§ **Work item**
Take the lines below beginning at the line that has "destruct Rle_dec; [exact (proj1" and stopping after the line that has "intros Hf Hp.", and print them exactly as they are, with no other lines.

§ **Record extracts**
↓
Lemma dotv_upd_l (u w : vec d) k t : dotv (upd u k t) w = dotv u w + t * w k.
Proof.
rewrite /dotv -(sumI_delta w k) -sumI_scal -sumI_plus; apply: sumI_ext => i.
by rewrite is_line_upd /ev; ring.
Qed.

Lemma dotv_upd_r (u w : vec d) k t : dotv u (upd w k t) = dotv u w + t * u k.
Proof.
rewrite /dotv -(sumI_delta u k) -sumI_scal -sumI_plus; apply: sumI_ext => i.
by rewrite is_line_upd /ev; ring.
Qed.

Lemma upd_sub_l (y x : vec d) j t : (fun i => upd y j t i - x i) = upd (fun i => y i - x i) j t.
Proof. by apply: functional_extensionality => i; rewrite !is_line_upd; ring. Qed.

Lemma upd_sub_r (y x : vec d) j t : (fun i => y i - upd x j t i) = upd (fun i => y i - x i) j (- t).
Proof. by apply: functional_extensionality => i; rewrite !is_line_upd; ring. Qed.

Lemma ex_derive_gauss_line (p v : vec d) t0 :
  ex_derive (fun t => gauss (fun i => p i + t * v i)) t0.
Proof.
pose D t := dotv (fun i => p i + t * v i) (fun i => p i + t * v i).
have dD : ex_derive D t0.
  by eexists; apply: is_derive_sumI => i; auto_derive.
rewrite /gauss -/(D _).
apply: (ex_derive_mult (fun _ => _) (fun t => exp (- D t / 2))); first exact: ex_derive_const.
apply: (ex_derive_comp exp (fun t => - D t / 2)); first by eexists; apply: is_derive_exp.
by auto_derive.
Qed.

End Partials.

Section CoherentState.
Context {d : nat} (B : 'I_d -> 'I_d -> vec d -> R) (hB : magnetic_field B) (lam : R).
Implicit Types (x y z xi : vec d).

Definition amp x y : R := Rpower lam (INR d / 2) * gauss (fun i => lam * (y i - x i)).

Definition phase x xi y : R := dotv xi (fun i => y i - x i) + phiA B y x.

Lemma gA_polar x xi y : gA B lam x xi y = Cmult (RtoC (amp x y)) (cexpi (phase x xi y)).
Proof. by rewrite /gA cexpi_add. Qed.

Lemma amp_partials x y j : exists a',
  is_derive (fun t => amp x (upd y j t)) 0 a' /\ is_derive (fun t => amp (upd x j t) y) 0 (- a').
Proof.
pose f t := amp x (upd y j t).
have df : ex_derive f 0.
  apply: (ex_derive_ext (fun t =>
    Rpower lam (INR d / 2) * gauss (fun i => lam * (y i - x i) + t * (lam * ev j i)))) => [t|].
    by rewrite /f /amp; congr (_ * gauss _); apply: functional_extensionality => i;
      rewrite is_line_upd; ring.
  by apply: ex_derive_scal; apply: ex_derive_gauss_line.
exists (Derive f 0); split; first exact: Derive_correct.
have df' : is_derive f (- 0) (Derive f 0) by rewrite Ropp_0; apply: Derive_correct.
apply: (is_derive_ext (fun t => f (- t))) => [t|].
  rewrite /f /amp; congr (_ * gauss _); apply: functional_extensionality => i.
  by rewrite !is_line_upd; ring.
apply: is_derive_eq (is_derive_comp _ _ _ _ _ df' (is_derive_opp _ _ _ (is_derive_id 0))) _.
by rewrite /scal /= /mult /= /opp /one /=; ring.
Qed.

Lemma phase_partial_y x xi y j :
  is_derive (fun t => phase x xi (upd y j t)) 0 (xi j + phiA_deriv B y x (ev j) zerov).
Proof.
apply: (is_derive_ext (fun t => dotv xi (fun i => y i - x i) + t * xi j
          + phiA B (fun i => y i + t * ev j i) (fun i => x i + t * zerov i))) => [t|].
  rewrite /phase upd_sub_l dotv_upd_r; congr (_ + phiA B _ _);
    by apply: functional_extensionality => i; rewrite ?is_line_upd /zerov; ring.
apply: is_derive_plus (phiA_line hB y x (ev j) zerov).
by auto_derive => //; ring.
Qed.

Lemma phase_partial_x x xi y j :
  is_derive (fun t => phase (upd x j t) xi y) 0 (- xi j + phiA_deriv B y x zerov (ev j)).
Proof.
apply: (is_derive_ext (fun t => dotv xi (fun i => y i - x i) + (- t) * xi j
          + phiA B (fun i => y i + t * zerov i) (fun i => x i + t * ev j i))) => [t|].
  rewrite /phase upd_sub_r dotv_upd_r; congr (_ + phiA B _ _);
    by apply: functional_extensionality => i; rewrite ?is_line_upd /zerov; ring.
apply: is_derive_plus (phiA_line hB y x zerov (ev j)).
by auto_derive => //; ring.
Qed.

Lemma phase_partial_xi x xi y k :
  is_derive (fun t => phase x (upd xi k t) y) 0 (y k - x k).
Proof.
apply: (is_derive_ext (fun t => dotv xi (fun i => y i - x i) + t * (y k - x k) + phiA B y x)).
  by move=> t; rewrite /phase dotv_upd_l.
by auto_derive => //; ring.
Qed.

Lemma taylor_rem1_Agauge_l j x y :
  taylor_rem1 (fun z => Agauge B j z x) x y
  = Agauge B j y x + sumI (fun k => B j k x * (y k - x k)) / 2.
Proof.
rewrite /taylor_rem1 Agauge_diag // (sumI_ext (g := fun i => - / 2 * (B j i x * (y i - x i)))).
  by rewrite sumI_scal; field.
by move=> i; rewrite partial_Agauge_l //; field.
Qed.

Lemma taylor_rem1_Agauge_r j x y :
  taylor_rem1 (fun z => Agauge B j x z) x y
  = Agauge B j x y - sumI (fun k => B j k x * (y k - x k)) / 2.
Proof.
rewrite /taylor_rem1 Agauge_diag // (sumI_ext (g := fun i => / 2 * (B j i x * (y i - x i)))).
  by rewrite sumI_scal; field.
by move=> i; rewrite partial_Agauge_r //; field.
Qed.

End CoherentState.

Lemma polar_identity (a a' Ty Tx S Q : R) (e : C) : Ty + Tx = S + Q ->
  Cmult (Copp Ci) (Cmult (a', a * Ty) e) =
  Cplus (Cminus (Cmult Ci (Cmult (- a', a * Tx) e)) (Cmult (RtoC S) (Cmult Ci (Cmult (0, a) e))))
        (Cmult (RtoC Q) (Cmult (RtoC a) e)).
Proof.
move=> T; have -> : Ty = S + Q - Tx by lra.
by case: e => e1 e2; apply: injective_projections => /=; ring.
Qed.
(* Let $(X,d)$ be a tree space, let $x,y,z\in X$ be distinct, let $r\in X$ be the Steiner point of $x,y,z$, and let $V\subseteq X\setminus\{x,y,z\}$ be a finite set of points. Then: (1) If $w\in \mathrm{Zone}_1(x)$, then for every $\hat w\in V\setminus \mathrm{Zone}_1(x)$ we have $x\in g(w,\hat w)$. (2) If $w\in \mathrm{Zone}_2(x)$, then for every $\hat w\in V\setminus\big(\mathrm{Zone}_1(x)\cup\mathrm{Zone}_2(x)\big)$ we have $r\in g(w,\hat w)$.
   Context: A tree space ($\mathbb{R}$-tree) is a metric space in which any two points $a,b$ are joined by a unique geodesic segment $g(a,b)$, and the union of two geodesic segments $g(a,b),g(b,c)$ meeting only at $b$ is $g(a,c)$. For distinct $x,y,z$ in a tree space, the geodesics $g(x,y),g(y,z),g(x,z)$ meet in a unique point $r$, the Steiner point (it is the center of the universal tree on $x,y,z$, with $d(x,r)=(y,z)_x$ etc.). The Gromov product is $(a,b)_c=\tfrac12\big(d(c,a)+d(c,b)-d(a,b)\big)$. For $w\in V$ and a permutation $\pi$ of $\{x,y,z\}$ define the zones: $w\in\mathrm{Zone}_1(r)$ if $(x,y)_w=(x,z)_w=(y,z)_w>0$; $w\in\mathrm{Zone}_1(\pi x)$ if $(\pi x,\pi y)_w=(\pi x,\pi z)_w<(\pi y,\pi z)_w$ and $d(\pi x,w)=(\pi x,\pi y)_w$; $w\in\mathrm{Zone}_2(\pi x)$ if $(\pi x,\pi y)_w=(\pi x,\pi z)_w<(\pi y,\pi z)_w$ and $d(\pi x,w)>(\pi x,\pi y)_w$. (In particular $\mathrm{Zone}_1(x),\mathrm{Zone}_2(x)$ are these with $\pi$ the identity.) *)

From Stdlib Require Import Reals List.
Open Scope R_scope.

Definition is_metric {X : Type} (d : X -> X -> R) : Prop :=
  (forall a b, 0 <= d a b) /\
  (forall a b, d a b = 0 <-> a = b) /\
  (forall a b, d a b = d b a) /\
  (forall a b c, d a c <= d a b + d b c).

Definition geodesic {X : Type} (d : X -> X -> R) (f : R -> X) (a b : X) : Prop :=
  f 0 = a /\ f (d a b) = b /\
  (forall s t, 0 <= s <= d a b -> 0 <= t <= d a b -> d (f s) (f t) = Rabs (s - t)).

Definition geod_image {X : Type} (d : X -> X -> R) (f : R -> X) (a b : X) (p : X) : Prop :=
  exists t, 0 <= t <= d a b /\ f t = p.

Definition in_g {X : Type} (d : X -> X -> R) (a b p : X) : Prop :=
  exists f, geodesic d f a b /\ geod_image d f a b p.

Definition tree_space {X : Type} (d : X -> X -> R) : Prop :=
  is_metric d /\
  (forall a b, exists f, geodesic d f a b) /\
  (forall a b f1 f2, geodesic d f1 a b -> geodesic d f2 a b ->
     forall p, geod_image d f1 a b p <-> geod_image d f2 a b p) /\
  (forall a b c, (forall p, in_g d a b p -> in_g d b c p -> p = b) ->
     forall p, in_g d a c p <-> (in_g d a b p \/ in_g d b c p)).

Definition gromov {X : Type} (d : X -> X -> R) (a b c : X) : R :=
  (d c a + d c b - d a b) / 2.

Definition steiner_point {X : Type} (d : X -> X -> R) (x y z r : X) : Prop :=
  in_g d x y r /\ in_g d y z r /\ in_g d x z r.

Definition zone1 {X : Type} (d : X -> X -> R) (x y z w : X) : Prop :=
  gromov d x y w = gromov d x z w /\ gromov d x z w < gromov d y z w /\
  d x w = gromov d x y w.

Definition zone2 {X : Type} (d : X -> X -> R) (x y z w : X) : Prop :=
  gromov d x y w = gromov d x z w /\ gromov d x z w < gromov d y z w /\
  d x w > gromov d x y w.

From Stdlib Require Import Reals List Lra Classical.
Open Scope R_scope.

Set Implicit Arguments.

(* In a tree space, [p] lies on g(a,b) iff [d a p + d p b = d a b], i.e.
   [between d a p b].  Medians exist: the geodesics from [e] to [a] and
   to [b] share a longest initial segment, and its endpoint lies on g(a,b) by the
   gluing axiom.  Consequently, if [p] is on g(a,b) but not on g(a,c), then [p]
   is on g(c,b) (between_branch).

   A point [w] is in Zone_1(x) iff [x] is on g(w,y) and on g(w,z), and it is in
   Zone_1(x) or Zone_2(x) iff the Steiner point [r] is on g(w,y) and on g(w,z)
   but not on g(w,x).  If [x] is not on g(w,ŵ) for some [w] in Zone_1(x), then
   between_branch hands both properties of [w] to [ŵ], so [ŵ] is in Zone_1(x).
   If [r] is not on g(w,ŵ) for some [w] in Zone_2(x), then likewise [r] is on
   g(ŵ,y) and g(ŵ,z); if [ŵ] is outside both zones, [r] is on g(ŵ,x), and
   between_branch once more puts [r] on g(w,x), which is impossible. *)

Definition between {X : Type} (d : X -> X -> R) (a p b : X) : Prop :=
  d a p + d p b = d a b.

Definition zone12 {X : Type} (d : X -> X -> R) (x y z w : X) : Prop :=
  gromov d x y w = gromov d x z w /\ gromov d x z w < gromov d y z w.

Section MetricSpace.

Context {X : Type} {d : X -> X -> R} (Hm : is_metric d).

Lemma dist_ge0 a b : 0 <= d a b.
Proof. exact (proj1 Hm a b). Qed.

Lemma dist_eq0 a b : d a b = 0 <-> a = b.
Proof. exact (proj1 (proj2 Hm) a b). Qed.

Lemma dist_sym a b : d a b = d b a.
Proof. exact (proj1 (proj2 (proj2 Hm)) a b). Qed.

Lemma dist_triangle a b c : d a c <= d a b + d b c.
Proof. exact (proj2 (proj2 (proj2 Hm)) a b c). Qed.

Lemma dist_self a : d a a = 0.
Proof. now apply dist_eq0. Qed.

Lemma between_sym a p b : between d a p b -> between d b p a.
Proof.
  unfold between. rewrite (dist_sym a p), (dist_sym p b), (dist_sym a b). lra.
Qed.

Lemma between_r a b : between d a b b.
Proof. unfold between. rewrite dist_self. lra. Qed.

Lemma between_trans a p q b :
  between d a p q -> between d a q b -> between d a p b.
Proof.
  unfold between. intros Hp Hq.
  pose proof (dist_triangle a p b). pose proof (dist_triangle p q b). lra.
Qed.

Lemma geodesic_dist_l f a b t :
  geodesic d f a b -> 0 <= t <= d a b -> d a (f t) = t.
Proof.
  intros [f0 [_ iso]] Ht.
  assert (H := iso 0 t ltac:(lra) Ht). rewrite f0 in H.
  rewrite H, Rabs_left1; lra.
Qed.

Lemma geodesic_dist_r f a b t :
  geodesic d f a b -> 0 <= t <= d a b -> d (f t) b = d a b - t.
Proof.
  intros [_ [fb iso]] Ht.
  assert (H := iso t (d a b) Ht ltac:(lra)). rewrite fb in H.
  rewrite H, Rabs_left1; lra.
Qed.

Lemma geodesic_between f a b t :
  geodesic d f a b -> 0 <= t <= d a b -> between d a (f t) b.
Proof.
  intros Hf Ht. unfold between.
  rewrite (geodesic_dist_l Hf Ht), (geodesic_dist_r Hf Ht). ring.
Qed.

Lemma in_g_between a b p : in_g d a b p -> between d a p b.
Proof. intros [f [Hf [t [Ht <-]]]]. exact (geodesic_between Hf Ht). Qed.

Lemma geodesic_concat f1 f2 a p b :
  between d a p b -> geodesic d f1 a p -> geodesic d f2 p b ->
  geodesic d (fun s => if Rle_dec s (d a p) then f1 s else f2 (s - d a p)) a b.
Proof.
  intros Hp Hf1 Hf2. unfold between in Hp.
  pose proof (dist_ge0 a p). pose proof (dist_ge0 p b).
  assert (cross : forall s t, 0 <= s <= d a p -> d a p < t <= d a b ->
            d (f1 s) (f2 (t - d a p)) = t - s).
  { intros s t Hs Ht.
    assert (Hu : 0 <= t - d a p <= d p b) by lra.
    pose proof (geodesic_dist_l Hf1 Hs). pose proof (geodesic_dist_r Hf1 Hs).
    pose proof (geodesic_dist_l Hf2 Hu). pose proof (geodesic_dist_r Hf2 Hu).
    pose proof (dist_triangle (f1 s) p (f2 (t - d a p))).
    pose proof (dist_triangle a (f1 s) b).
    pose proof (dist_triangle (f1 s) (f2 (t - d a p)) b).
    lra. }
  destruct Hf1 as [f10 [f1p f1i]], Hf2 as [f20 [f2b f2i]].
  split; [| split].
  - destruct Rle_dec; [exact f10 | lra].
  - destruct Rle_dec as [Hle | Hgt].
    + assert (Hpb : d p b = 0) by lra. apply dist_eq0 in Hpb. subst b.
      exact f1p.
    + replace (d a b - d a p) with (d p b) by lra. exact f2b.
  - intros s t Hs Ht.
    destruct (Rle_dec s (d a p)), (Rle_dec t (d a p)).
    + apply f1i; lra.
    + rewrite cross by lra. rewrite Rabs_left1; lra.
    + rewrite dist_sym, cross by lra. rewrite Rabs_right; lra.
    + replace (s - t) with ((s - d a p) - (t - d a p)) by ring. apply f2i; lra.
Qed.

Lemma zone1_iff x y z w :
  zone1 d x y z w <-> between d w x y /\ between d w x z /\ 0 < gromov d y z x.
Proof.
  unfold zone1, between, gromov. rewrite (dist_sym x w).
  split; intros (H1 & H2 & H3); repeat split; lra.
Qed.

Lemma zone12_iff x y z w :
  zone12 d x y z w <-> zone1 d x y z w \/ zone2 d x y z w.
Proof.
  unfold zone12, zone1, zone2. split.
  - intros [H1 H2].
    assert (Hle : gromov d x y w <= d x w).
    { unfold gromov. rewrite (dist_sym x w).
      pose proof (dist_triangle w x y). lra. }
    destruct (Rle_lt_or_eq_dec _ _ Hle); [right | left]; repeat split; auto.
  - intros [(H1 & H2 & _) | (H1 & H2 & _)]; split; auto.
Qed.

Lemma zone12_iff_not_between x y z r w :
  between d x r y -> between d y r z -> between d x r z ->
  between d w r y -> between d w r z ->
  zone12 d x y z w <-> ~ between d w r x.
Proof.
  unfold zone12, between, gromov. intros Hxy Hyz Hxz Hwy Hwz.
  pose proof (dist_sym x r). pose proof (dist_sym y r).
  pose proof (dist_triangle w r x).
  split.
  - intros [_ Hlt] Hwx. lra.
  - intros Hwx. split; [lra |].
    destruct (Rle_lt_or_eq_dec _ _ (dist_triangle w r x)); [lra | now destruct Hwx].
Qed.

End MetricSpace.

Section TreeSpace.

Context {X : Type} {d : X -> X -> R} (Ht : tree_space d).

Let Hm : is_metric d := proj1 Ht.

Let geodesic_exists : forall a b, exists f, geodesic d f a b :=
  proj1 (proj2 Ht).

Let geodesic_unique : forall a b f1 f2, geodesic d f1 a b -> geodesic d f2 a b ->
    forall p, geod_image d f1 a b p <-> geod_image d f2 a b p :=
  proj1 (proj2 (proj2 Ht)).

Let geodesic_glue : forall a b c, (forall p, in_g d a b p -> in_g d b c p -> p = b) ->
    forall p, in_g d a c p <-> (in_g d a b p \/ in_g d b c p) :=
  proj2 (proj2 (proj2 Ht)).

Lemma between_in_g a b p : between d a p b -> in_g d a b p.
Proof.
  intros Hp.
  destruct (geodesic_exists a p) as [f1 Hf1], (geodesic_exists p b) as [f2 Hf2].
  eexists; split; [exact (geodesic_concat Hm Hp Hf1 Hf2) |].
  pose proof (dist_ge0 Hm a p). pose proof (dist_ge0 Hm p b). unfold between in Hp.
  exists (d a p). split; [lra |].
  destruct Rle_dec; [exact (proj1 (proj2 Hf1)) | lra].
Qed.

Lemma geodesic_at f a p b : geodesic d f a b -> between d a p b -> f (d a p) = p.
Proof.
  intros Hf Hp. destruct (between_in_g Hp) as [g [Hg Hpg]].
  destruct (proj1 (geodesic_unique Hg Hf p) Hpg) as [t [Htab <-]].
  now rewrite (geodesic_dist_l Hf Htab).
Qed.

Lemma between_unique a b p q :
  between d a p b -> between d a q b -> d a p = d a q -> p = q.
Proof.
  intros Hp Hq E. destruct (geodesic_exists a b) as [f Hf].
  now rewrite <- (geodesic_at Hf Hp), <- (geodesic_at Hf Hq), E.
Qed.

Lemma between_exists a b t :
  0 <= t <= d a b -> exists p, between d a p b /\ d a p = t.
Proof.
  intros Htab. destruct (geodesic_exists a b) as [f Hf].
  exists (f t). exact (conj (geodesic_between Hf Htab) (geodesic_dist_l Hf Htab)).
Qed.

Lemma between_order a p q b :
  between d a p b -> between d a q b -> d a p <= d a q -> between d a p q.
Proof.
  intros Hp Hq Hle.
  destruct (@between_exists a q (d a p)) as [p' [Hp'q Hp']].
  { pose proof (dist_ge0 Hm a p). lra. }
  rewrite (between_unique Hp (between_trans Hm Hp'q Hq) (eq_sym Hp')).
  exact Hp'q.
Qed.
↑
§ **Response below**
  destruct Rle_dec; [exact (proj1 (proj2 Hf1)) | lra].
Qed.

Lemma geodesic_at f a p b : geodesic d f a b -> between d a p b -> f (d a p) = p.
Proof.
  intros Hf Hp. destruct (between_in_g Hp) as [g [Hg Hpg]].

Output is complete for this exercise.